Remix.run Logo
ashvardanian 2 days ago

Lucene is tough to deal with. About 15 hours ago — right when this comment was posted — I was giving a talk at Databricks comparing the world’s most widely used search engines. I’ve never run into as many issues with any other similar tool as I did with Lucene. To be fair, it’s been around for ~26 years and has aged remarkably well... but it’s the last thing I’d choose today.

ab5tract 2 days ago | parent | next [-]

Can I ask you which alternatives exist at the layer Lucene occupies?

I went looking around last year and couldn’t really find many options, but I might have been looking in the wrong places.

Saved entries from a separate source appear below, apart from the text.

(* Let $k$ be even, $\pi\in\mathcal B_{k/2}$, $\mathcal G$ a countable set, and let $g=(g_1,\dots,g_k)\in\mathcal G^k$ be a $\pi$-adopted sequence (indices of $g$ read cyclically, $g_{k+1}:=g_1$). If $\{m,m+l\}\in\pi$ with $m<m+l\le k$ and $l>1$, then $$g_m=g_{m+l+1}\quad\text{and}\quad g_{m+1}=g_{m+l}.$$
   Context: A pair-partition of $\{1,\dots,k\}$ is a partition all of whose blocks have exactly two elements; it is crossing if there exist $1\le a<b<c<d\le k$ with $\{a,c\},\{b,d\}\in\pi$, and non-crossing otherwise. For even $k$, $\mathcal B_{k/2}$ denotes the set of non-crossing pair-partitions of $\{1,\dots,k\}$. For $k\ge 4$, $\pi\in\mathcal B_{k/2}$ and a block $\{m,m+1\}\in\pi$ with $1\le m\le k-2$, $\pi\setminus^\bullet\{m,m+1\}\in\mathcal B_{k/2-1}$ denotes the pair-partition of $\{1,\dots,k-2\}$ obtained by deleting the block $\{m,m+1\}$ and relabelling every remaining element $a>m$ as $a-2$. $\pi$-adopted sequences. Let $\mathcal G$ be a countable set and $\pi\in\mathcal B_{k/2}$. A sequence $g=(g_1,\dots,g_k)\in\mathcal G^k$ is $\pi$-adopted, defined recursively in $k$, as follows. For $k=2$ (so $\pi=\{\{1,2\}\}$), $g$ is $\pi$-adopted iff $g_1\neq g_2$. For $k\ge 4$, $g$ is $\pi$-adopted iff for every block of $\pi$ of the form $\{m,m+1\}$ with $1\le m\le k-2$: (a) $g_m=g_{m+2}$ and $g_{m+1}\neq g_s$ for all $s\neq m+1$; and (b) the sequence $(g_1,\dots,g_m,g_{m+3},\dots,g_k)\in\mathcal G^{k-2}$, obtained by deleting $g_{m+1}$ and $g_{m+2}$, is $\pi\setminus^\bullet\{m,m+1\}$-adopted. *)

From mathcomp Require Import all_boot.
Set Implicit Arguments. Unset Strict Implicit. Unset Printing Implicit Defensive.

Definition in_block (i : nat) (p : nat * nat) : bool := (p.1 == i) || (p.2 == i).

Definition pair_partition (k : nat) (pi : seq (nat * nat)) : Prop :=
  (forall p, p \in pi -> 1 <= p.1 /\ p.1 < p.2 /\ p.2 <= k) /\
  (forall i, 1 <= i <= k -> count (in_block i) pi = 1).

Definition crossing (pi : seq (nat * nat)) : Prop :=
  exists a b c d, [/\ a < b, b < c, c < d, (a, c) \in pi & (b, d) \in pi].

Definition noncrossing_pair_partition (k : nat) (pi : seq (nat * nat)) : Prop :=
  pair_partition k pi /\ ~ crossing pi.

Definition relabel (m a : nat) : nat := if m < a then a - 2 else a.

Definition delete_block (pi : seq (nat * nat)) (m : nat) : seq (nat * nat) :=
  [seq (relabel m p.1, relabel m p.2) | p <- pi & p != (m, m.+1)].

(* sequences g = (g_1,...,g_k) are functions nat -> T read at indices 1..k;
   deleting g_{m+1}, g_{m+2}: *)
Definition delete_two {T : Type} (g : nat -> T) (m : nat) : nat -> T :=
  fun i => if i <= m then g i else g (i + 2).

(* adopted n pi g : g (of length k = 2n) is pi-adopted *)
Fixpoint adopted {T : Type} (n : nat) (pi : seq (nat * nat)) (g : nat -> T) : Prop :=
  match n with
  | 0 => False
  | n1.+1 =>
      if n1 is 0 then g 1 <> g 2
      else
        forall m, (m, m.+1) \in pi -> 1 <= m -> m <= n.*2 - 2 ->
          (g m = g (m + 2) /\
           (forall s, 1 <= s <= n.*2 -> s <> m.+1 -> g m.+1 <> g s)) /\
          adopted n1 (delete_block pi m) (delete_two g m)
  end.

Definition gcyc {T : Type} (k : nat) (g : nat -> T) (i : nat) : T :=
  if i == k.+1 then g 1 else g i.

From mathcomp Require Import all_boot.
From mathcomp Require Import zify.
Set Implicit Arguments. Unset Strict Implicit.

(* Every block (a, b) of a non-crossing pair partition with b > a + 1 encloses
   an adjacent block (j, j + 1).  Adoptedness gives g_j = g_{j+2}, and deleting
   that block together with g_{j+1}, g_{j+2} leaves an adopted sequence for a
   smaller non-crossing pair partition, in which (a, b) has become (a, b - 2)
   while the entries at a, a + 1, b, b + 1 are unchanged.  Iterating
   until the block is adjacent, adoptedness yields g_a = g_{a+2}.  When b = k
   the cyclic reading asks for g_a = g_1 instead; there one deletes adjacent
   blocks to the left of a, which exist by the enclosure argument applied to
   the block of 1. *)

Lemma count_eq1_eq (T : eqType) (P : pred T) (s : seq T) x y :
  count P s = 1 -> x \in s -> y \in s -> P x -> P y -> x = y.
Proof.
rewrite -size_filter => c1 xs ys Px Py.
have : x \in filter P s by rewrite mem_filter Px.
have : y \in filter P s by rewrite mem_filter Py.
by case: (filter P s) c1 => [|z []] //= _; rewrite !inE => /eqP-> /eqP->.
Qed.

Lemma in_block_fst a b : in_block a (a, b).
Proof. by rewrite /in_block eqxx. Qed.

Lemma in_block_snd a b : in_block b (a, b).
Proof. by rewrite /in_block eqxx orbT. Qed.

Section PairPartition.

Variables (k : nat) (pi : seq (nat * nat)).
Hypothesis pp : pair_partition k pi.

Lemma block_bounds a b : (a, b) \in pi -> [/\ 0 < a, a < b & b <= k].
Proof. by case: pp => bounds _ /bounds[? []]. Qed.

Lemma block_uniq i p q : p \in pi -> q \in pi ->
  in_block i p -> in_block i q -> p = q.
Proof.
case: p => a b ab q_pi ip iq; have [a0 ltab bk] := block_bounds ab.
apply: (count_eq1_eq _ ab q_pi ip iq).
case: pp => _ -> //; move: ip; rewrite /in_block /= => /orP[] /eqP <-; lia.
Qed.

Lemma block_cover i : 0 < i <= k -> exists2 p, p \in pi & in_block i p.
Proof.
case: pp => _ count1 /count1 c1.
have /hasP[p] : has (in_block i) pi by rewrite has_count c1.
by exists p.
Qed.

End PairPartition.

Section NoncrossingPairPartition.

Variables (k : nat) (pi : seq (nat * nat)).
Hypothesis ncpp : noncrossing_pair_partition k pi.

Let pp := ncpp.1.

Lemma block_nested a b c d : (a, b) \in pi -> (c, d) \in pi -> a < c < b -> d < b.
Proof.
move=> ab cd /andP[ltac ltcb]; have [_ ltcd _] := block_bounds pp cd.
case: (ltngtP d b) => // [ltbd | edb]; first by case: ncpp.2; exists a, c, b, d.
by subst; have [] := block_uniq pp ab cd (in_block_snd a b) (in_block_snd c b); lia.
Qed.

Lemma inner_adjacent_block a b : (a, b) \in pi -> a.+1 < b ->
  exists2 j, (j, j.+1) \in pi & a < j /\ j.+1 < b.
Proof.
have [w] := ubnP (b - a); elim: w a b => // w IH a b ltw ab ltab.
have [a0 _ bk] := block_bounds pp ab.
have [[c d] cd] := block_cover pp (i := a.+1) ltac:(lia).
have [c0 ltcd dk] := block_bounds pp cd.
rewrite /in_block /= => /orP[] /eqP ea; subst.
- have ltdb := block_nested ab cd ltac:(lia).
  have [ltd | ed] : a.+2 < d \/ d = a.+2 by lia.
  + by have [j jp ?] := IH a.+1 d ltac:(lia) cd ltd; exists j => //; lia.
  + by subst; exists a.+1 => //; lia.
- have [ltca | eca] : c < a \/ c = a by lia.
  + by have := block_nested cd ab ltac:(lia); lia.
  + by subst; have [] := block_uniq pp ab cd (in_block_fst a b) (in_block_fst a a.+1); lia.
Qed.

Lemma prefix_adjacent_block m : (m, k) \in pi -> 1 < m ->
  exists2 j, (j, j.+1) \in pi & 0 < j /\ j.+1 < m.
Proof.
move=> mk ltm; have [_ ltmk _] := block_bounds pp mk.
have [[c d] cd] := block_cover pp (i := 1) ltac:(lia).
have [c0 ltcd dk] := block_bounds pp cd.
rewrite /in_block /= => /orP[] /eqP ec; subst; last lia.
have ltdm : d < m.
  case: (ltngtP d m) => // [ltmd | edm]; first by have := block_nested cd mk ltac:(lia); lia.
  by subst; have [] := block_uniq pp cd mk (in_block_snd 1 m) (in_block_fst m k); lia.
have [ltd | ed] : 2 < d \/ d = 2 by lia.
- by have [j jp ?] := inner_adjacent_block cd ltd; exists j => //; lia.
- by subst; exists 1.
Qed.

End NoncrossingPairPartition.

Lemma relabel_le j a : a <= j -> relabel j a = a.
Proof. by rewrite /relabel leqNgt => /negbTE->. Qed.

Lemma relabel_gt j a : j < a -> relabel j a = a - 2.
Proof. by rewrite /relabel => ->. Qed.

Lemma relabel_eq j a i : a \notin [:: j; j.+1] ->
  (relabel j a == i) = (a == if i < j then i else i + 2).
Proof.
rewrite !inE /relabel => /norP[/eqP ? /eqP ?].
by case: ifP => ?; case: ifP => ?; apply/eqP/eqP; lia.
Qed.

Lemma relabel_lt j a b : a \notin [:: j; j.+1] -> b \notin [:: j; j.+1] ->
  (relabel j a < relabel j b) = (a < b).
Proof.
rewrite !inE /relabel => /norP[/eqP ? /eqP ?] /norP[/eqP ? /eqP ?].
by case: ifP => ?; case: ifP => ?; apply/idP/idP; lia.
Qed.

Lemma mem_delete_block pi j a b : (a, b) \in pi -> a != j ->
  (relabel j a, relabel j b) \in delete_block pi j.
Proof.
move=> ab naj; apply/mapP; exists (a, b) => //.
by rewrite mem_filter ab andbT; apply: contra naj => /eqP[->].
Qed.

Section DeleteAdjacentBlock.

Variables (k j : nat) (pi : seq (nat * nat)).
Hypotheses (pp : pair_partition k.+2 pi) (jp : (j, j.+1) \in pi).

Lemma block_avoids_adjacent a b : (a, b) \in pi -> (a, b) != (j, j.+1) ->
  (a \notin [:: j; j.+1]) && (b \notin [:: j; j.+1]).
Proof.
move=> ab /eqP nab; rewrite !inE.
have off i : in_block i (a, b) -> in_block i (j, j.+1) -> False.
  by move=> iab ij; apply: nab; exact: (block_uniq pp ab jp iab ij).
apply/andP; split; apply/norP; split; apply/eqP => e;
  [apply: (off j) | apply: (off j.+1) | apply: (off j) | apply: (off j.+1)];
  by rewrite /in_block /= ?e !eqxx ?orbT.
Qed.

Lemma delete_blockP p : p \in delete_block pi j ->
  exists a b, [/\ (a, b) \in pi, p = (relabel j a, relabel j b),
    a \notin [:: j; j.+1] & b \notin [:: j; j.+1]].
Proof.
case/mapP=> [[a b]]; rewrite mem_filter => /andP[nab ab] ->.
by have /andP[? ?] := block_avoids_adjacent ab nab; exists a, b.
Qed.

Lemma delete_block_pair_partition : pair_partition k (delete_block pi j).
Proof.
have [j0 _ jk] := block_bounds pp jp.
split=> [_ /delete_blockP[a [b [ab -> offa offb]]] | i ik] /=.
  have [a0 ltab bk] := block_bounds pp ab.
  move: offa offb; rewrite !inE /relabel => /norP[/eqP ? /eqP ?] /norP[/eqP ? /eqP ?].
  by case: ifP => ?; case: ifP => ?; lia.
pose i' := if i < j then i else i + 2.
have c1 : count (in_block i') pi = 1 by case: pp => _ -> //; rewrite /i'; case: ifP => ?; lia.
rewrite /delete_block count_map count_filter -c1; apply: eq_in_count => -[a b] ab /=.
case: (eqVneq (a, b) (j, j.+1)) => [[-> ->] | nab] /=.
  by rewrite andbF /in_block /i' /=; case: ifP => ?; apply/esym/norP; split; apply/eqP; lia.
have /andP[offa offb] := block_avoids_adjacent ab nab.
by rewrite andbT /in_block /= !relabel_eq.
Qed.

Lemma delete_block_noncrossing : ~ crossing pi -> ~ crossing (delete_block pi j).
Proof.
move=> nc [a [b [c [d [ab bc cd ac bd]]]]].
have [a0 [c0 [ac0 [ea ec] oa oc]]] := delete_blockP ac.
have [b0 [d0 [bd0 [eb ed] ob od]]] := delete_blockP bd.
subst a b c d; apply: nc; exists a0, b0, c0, d0.
by split=> //; [rewrite -(relabel_lt oa ob) | rewrite -(relabel_lt ob oc) |
  rewrite -(relabel_lt oc od)].
Qed.

End DeleteAdjacentBlock.

Lemma delete_two_le (T : Type) (g : nat -> T) j i : i <= j -> delete_two g j i = g i.
Proof. by rewrite /delete_two => ->. Qed.

(* When g_j = g_{j+2}, deleting g_{j+1}, g_{j+2} is the same as deleting g_j, g_{j+1}. *)
Lemma delete_two_ge (T : Type) (g : nat -> T) j i : g j = g (j + 2) -> j <= i ->
  delete_two g j i = g (i + 2).
Proof.
rewrite /delete_two => gj le_ji; case: ifP => // le_ij.
by have -> : i = j by apply/eqP; rewrite eqn_leq le_ij.
Qed.

Lemma adopted_delete_adjacent (T : Type) n pi (g : nat -> T) j :
  noncrossing_pair_partition n.+1.*2 pi -> adopted n.+1 pi g ->
  (j, j.+1) \in pi -> 0 < j -> j.+2 <= n.+1.*2 ->
  [/\ g j = g (j + 2), noncrossing_pair_partition n.*2 (delete_block pi j)
    & adopted n (delete_block pi j) (delete_two g j)].
Proof.
case: n => [|n] [pp nc] ad jp j0 jk; first lia.
have [[gj _] ad'] := ad j jp j0 ltac:(lia).
rewrite doubleS in pp; split=> //; split.
- exact: delete_block_pair_partition pp jp.
- exact: delete_block_noncrossing pp jp nc.
Qed.

Lemma adopted_block_ends (T : Type) n pi (g : nat -> T) m l :
  noncrossing_pair_partition n.*2 pi -> adopted n pi g ->
  (m, m + l) \in pi -> 0 < l ->
  g (m + 1) = g (m + l) /\ (m + l < n.*2 -> g m = g (m + l + 1)).
Proof.
elim: n pi g m l => [|n IH] pi g m l ncpp ad ml l0 //.
have [m0 _ mlk] := block_bounds ncpp.1 ml.
have [el | lt1l] : l = 1 \/ 1 < l by lia.
  subst l; split=> // mlt; rewrite addn1 in ml.
  have [gm _ _] := adopted_delete_adjacent ncpp ad ml m0 ltac:(lia).
  by rewrite gm; congr g; lia.
have [j jp [ltmj ltjl]] := inner_adjacent_block ncpp ml ltac:(lia).
have [gj ncpp' ad'] := adopted_delete_adjacent ncpp ad jp ltac:(lia) ltac:(lia).
have ml' : (m, m + (l - 2)) \in delete_block pi j.
  have -> : (m, m + (l - 2)) = (relabel j m, relabel j (m + l)).
    by rewrite relabel_le ?relabel_gt; try lia; congr pair; lia.
  by apply: mem_delete_block ml _; rewrite neq_ltn ltmj.
have [IH1 IH2] := IH _ _ _ _ ncpp' ad' ml' ltac:(lia).
have gm1 : delete_two g j (m + 1) = g (m + 1) by apply: delete_two_le; lia.
have gml : delete_two g j (m + (l - 2)) = g (m + l).
  by rewrite delete_two_ge //; [congr g | ]; lia.
have gm : delete_two g j m = g m by apply: delete_two_le; lia.
have gml1 : delete_two g j (m + (l - 2) + 1) = g (m + l + 1).
  by rewrite delete_two_ge //; [congr g | ]; lia.
split; first by rewrite -gm1 -gml.
by move=> mlt; rewrite -gm -gml1; apply: IH2; lia.
Qed.

Lemma adopted_last_block (T : Type) n pi (g : nat -> T) m :
  noncrossing_pair_partition n.*2 pi -> adopted n pi g ->
  (m, n.*2) \in pi -> g m = g 1.
Proof.
elim: n pi g m => [|n IH] pi g m ncpp ad mk //.
have [m0 ltmk _] := block_bounds ncpp.1 mk.
have [-> // | lt1m] : m = 1 \/ 1 < m by lia.
have [j jp [j0 ltjm]] := prefix_adjacent_block ncpp mk lt1m.
have [gj ncpp' ad'] := adopted_delete_adjacent ncpp ad jp j0 ltac:(lia).
have mk' : (m - 2, n.*2) \in delete_block pi j.
  have -> : (m - 2, n.*2) = (relabel j m, relabel j n.+1.*2).
    by rewrite !relabel_gt; try lia; congr pair; lia.
  by apply: mem_delete_block mk _; rewrite neq_ltn (ltnW ltjm) orbT.
have g1 : delete_two g j 1 = g 1 by apply: delete_two_le.
have gm : delete_two g j (m - 2) = g m.
  by rewrite delete_two_ge //; [congr g | ]; lia.
by rewrite -g1 -gm (IH _ _ _ ncpp' ad' mk').
Qed.

Theorem mainTheorem2 (G : countType) (k : nat) (pi : seq (nat * nat)) (g : nat -> G) :
  ~~ odd k ->
  noncrossing_pair_partition k pi ->
  adopted k./2 pi g ->
  forall m l : nat, (m, m + l) \in pi -> m + l <= k -> 1 < l ->
    gcyc k g m = gcyc k g (m + l + 1) /\ gcyc k g (m + 1) = gcyc k g (m + l).
Proof.
move=> ev ncpp ad m l ml lek lt1l.
have ek : k = k./2.*2 by rewrite -{1}(odd_double_half k) (negbTE ev).
rewrite ek in ncpp.
have [inner outer] := adopted_block_ends ncpp ad ml (ltnW lt1l).
have gcycE i : i <= k -> gcyc k g i = g i.
  by rewrite /gcyc => lei; case: eqP => // ?; lia.
split; last by rewrite !gcycE //; lia.
rewrite gcycE; last lia.
have [mlt | eml] : m + l < k \/ m + l = k by lia.
  by rewrite gcycE ?outer //; lia.
rewrite /gcyc eml addn1 eqxx; rewrite eml ek in ml.
exact: adopted_last_block ncpp ad ml.
Qed.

ashvardanian 5 hours ago | parent [-]

For Vector Search the top 2 are: Meta’s FAISS and (my) Unum’s USearch. Lucene powers Elastic, Solr, MongoDB Atlas, AWS OpenSearch, Azure Cognitive Search. USearch powers ClickHouse, DuckDB, YugaByte, TiDB, ScyllaDB, MemGraph, KuzuDB, Lantern, and a few big closed source names that don’t mention it, as far as I know. FAISS has the highest usage among Python developers, but if you are indexing large collections you should consider alternatives.

cluckindan 2 days ago | parent | prev [-]

Interesting, then, that Vectroid would choose to fork it.

Elasticsearch is at least good / at hiding the Lucene zoo under the hood.